- _Exercise goal_: Say how many lines in the records hold the word "ltnP", and give nothing but that number.

Dataset entries:
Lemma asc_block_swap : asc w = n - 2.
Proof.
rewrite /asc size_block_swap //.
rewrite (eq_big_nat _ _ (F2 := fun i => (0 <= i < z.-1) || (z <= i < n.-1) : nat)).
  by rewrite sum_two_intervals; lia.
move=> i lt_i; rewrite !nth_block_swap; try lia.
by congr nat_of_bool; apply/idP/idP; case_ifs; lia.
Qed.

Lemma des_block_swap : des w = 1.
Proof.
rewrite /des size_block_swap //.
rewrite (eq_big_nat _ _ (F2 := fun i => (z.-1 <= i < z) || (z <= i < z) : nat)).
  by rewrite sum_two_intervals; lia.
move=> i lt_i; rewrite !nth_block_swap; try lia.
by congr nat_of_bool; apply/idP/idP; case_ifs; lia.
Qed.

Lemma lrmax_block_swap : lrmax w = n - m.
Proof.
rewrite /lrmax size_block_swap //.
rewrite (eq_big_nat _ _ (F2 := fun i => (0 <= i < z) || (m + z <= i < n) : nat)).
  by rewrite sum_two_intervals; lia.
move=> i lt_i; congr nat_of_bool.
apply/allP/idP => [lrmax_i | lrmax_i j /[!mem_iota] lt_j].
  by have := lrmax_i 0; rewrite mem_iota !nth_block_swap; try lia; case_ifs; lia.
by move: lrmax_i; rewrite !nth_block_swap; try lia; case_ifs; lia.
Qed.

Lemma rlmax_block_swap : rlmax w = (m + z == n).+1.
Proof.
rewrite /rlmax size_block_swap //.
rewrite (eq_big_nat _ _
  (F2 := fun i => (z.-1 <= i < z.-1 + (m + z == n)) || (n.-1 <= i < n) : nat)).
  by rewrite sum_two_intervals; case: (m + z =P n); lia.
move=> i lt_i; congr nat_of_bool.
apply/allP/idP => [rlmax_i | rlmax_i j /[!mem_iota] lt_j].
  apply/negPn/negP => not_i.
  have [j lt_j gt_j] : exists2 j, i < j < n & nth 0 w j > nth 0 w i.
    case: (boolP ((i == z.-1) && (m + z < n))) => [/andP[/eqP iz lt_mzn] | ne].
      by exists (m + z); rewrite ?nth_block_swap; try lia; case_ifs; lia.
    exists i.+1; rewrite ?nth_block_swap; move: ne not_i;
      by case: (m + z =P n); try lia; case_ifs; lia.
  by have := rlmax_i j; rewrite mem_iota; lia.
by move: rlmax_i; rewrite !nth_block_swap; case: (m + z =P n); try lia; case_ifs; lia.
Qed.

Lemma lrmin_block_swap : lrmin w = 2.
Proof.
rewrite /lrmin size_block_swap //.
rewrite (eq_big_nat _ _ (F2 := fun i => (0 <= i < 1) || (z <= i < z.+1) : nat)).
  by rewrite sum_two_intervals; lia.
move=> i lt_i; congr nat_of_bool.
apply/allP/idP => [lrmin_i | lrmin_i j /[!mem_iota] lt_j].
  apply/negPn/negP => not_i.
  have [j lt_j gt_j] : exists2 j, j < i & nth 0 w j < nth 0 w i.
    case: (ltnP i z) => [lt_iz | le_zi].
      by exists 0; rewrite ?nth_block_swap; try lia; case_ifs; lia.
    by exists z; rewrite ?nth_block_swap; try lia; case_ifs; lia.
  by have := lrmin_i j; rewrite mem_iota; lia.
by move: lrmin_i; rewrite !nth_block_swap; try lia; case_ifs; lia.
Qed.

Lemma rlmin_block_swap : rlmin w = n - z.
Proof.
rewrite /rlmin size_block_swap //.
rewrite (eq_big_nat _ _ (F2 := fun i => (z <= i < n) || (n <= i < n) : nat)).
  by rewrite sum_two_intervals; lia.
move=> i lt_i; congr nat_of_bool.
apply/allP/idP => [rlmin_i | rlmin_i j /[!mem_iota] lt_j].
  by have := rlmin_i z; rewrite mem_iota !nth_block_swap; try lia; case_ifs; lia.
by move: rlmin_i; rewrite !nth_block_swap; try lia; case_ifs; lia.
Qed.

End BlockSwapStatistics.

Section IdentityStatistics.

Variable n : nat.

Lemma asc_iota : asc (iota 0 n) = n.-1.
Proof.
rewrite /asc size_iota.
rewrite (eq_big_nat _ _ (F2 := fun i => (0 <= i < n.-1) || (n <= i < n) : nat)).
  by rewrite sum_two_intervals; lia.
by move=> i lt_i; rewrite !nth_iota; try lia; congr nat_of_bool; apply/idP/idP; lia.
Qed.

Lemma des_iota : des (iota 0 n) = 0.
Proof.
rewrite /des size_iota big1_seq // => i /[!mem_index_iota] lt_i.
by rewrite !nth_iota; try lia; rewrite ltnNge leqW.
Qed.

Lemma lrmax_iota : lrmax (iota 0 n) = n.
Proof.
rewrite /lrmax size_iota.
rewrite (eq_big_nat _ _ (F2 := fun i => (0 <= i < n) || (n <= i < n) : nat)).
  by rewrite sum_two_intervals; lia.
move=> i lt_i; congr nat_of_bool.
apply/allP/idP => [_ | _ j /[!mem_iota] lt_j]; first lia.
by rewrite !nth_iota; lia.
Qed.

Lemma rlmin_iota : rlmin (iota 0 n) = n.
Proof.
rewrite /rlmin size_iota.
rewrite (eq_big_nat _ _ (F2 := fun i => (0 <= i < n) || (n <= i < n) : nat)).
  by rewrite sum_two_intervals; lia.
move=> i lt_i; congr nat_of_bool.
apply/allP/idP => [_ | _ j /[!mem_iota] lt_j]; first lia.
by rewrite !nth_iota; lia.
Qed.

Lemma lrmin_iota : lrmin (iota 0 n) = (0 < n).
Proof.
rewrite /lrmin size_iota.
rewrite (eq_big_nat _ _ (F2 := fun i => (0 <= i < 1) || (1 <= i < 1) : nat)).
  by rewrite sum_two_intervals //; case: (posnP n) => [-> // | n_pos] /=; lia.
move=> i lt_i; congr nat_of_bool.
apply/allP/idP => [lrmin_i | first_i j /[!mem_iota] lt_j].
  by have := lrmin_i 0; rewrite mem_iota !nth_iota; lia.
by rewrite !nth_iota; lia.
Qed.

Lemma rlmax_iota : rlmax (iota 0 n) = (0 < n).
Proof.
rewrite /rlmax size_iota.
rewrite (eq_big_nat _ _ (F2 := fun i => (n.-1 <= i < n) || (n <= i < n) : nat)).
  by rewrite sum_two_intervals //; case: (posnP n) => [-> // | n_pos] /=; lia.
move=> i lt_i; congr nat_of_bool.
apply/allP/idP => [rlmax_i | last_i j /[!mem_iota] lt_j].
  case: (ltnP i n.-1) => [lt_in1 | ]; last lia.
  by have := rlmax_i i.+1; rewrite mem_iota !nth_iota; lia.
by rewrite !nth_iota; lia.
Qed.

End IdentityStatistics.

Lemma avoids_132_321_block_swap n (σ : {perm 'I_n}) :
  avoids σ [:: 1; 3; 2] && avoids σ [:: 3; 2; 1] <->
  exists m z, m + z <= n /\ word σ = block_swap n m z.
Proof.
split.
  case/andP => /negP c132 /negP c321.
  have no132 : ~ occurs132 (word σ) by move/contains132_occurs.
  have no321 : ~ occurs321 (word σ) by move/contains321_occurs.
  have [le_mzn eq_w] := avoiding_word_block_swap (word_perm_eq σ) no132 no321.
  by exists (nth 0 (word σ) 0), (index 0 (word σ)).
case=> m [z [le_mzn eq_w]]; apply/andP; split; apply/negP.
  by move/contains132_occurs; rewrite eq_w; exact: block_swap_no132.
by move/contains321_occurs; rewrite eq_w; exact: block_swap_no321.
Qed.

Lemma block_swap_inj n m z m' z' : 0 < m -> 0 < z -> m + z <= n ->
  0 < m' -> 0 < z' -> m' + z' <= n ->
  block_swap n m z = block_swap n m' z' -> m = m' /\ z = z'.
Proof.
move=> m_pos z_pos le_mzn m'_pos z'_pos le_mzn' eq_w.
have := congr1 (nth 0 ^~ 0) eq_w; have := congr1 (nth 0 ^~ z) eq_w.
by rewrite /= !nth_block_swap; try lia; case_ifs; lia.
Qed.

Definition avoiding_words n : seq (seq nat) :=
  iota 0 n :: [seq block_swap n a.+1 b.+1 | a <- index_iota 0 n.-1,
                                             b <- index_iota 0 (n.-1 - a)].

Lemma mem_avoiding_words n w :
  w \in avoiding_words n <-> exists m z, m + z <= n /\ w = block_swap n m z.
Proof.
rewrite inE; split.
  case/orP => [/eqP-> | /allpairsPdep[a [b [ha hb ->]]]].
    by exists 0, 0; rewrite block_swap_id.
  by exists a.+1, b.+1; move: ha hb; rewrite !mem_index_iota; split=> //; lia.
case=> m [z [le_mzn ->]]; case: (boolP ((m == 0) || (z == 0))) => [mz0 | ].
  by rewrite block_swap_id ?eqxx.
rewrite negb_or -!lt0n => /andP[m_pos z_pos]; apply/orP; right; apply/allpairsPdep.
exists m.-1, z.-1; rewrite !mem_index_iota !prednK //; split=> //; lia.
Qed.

- _Task response_: 2